## INPUT DATA
(* The randomized query complexity of $TARSKI(2,k)$ is $\Omega(k)$: there is a constant $c>0$ such that for every $k\in\mathbb{N}$ it is at least $ck$.
   Context: $TARSKI(2,k)$: given oracle access to an unknown function $f:\{0,1\}^k\to\{0,1\}^k$ that is monotone for the componentwise order ($a\le b$ iff $a_i\le b_i$ for all $i$; monotone means $a\le b\Rightarrow f(a)\le f(b)$), where a query of $v$ returns $f(v)$, find $x$ with $f(x)=x$. The randomized query complexity is the minimum, over randomized algorithms that on every input output a fixed point with probability at least $9/10$, of the worst-case expected number of queries (expectation over the algorithm's coins). *)

From mathcomp Require Import all_boot.
From Stdlib Require Import Reals.
Set Implicit Arguments. Unset Strict Implicit. Unset Printing Implicit Defensive.

Definition cube (k : nat) := {ffun 'I_k -> bool}.

Definition cube_le (k : nat) (a b : cube k) : Prop := forall i : 'I_k, (a i <= b i)%N.

Definition monotone (k : nat) (f : cube k -> cube k) : Prop :=
  forall a b : cube k, cube_le a b -> cube_le (f a) (f b).

(* Deterministic query algorithms = (finite-depth) decision trees:
   a node queries a point v and branches on the answer f v; a leaf outputs x. *)
Inductive dtree (k : nat) : Type :=
| Leaf  : cube k -> dtree k
| Query : cube k -> (cube k -> dtree k) -> dtree k.

Fixpoint run (k : nat) (t : dtree k) (f : cube k -> cube k) : cube k * nat :=
  match t with
  | Leaf x => (x, 0%N)
  | Query v next => let r := run (next (f v)) f in (r.1, r.2.+1)
  end.

Definition output (k : nat) (t : dtree k) f := (run t f).1.
Definition cost (k : nat) (t : dtree k) f : nat := (run t f).2.

Definition success (k : nat) (t : dtree k) (f : cube k -> cube k) : R :=
  if f (output t f) == output t f then 1%R else 0%R.

(* A randomized algorithm: a (countable, discrete) probability distribution
   over deterministic decision trees. *)
Record ralg (k : nat) := RAlg {
  weight : nat -> R;
  tree : nat -> dtree k;
  weight_ge0 : forall i, (0 <= weight i)%R;
  weight_sum1 : Un_cv (sum_f_R0 weight) 1%R
}.

(* For a series u of nonnegative terms: b <= sum_i u i, i.e. b is at most
   the supremum of the partial sums (the value may be +infinity). *)
Definition series_ge (u : nat -> R) (b : R) : Prop :=
  forall E : R, (forall N, (sum_f_R0 u N <= E)%R) -> (b <= E)%R.

Definition succ_prob_ge (k : nat) (A : ralg k) f (b : R) : Prop :=
  series_ge (fun i => (weight A i * success (tree A i) f)%R) b.

Definition exp_cost_ge (k : nat) (A : ralg k) f (b : R) : Prop :=
  series_ge (fun i => (weight A i * INR (cost (tree A i) f))%R) b.

Definition solves_tarski (k : nat) (A : ralg k) : Prop :=
  forall f : cube k -> cube k, monotone f -> succ_prob_ge A f (9/10)%R.

(* Hide a point [xs] of the cube and answer a query [x] by copying [xs] up to and including
   the first coordinate [m] where [x] and [xs] differ, and repeating [x m] afterwards.  These
   maps are monotone with [xs] as their only fixed point, and a query reveals nothing but
   [xs_0, ..., xs_m].  If [xs] is uniform in a subcube of points sharing a known prefix, a
   query reveals on average fewer than two new coordinates, so a potential argument over
   subcubes shows that a decision tree outputs [xs] with probability at most
   [1/2 + E[cost] / k].  Averaging over the trees of a randomized algorithm (Yao's principle),
   an algorithm that succeeds with probability [9/10] must make at least [k/4] queries in
   expectation against one of these maps. *)

From mathcomp Require Import all_boot zify.
From Stdlib Require Import Reals Lra Classical.
(* Reals comes after all_boot so that [%R] means [R_scope], but it rebinds [^] on nat to
   [Nat.pow]; re-importing ssrnat restores [expn]. *)
From mathcomp Require Import ssrnat.
From HB Require Import structures.
Set Implicit Arguments. Unset Strict Implicit. Unset Printing Implicit Defensive.

Section Agreement.

Variable k : nat.
Implicit Types (x y z : cube k) (m : nat).

Definition agree_upto x y m : bool := [forall j : 'I_k, (j < m) ==> (x j == y j)].

Lemma agree_uptoP x y m :
  reflect (forall j : 'I_k, j < m -> x j = y j) (agree_upto x y m).
Proof.
apply: (iffP forallP) => [H j lt_jm | H j]; first exact/eqP/(implyP (H j)).
by apply/implyP => /H ->.
Qed.

Arguments agree_uptoP {x y m}.

Lemma agree_upto0 x y : agree_upto x y 0.
Proof. exact/agree_uptoP. Qed.

Lemma agree_uptoxx x m : agree_upto x x m.
Proof. exact/agree_uptoP. Qed.

Lemma agree_uptoW x y m m' : m' <= m -> agree_upto x y m -> agree_upto x y m'.
Proof.
by move=> le_m'm /agree_uptoP H; apply/agree_uptoP => j lt_jm'; apply/H/(leq_trans lt_jm').
Qed.

Lemma agree_uptoC x y m : agree_upto x y m = agree_upto y x m.
Proof. by apply/agree_uptoP/agree_uptoP => H j /H. Qed.

Lemma agree_upto_trans x y z m :
  agree_upto x y m -> agree_upto y z m -> agree_upto x z m.
Proof.
by move=> /agree_uptoP Hxy /agree_uptoP Hyz; apply/agree_uptoP => j lt_jm; rewrite Hxy ?Hyz.
Qed.

Lemma agree_upto_eq x y m : k <= m -> agree_upto x y m -> x = y.
Proof.
by move=> le_km /agree_uptoP H; apply/ffunP => j; apply/H/(leq_trans (ltn_ord j)).
Qed.

Lemma agree_uptoS x y (l : 'I_k) :
  agree_upto x y l.+1 = agree_upto x y l && (x l == y l).
Proof.
apply/agree_uptoP/andP => [H | [/agree_uptoP H /eqP e] j].
  by split; [apply/agree_uptoP => j /ltnW /H | apply/eqP/H].
by rewrite ltnS leq_eqVlt => /orP [/eqP/val_inj -> | /H].
Qed.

## EXERCISE INSTRUCTIONS
Count the lines in the data that contain the string "outputs", and give nothing but that number.

## WRITTEN SOLUTION
2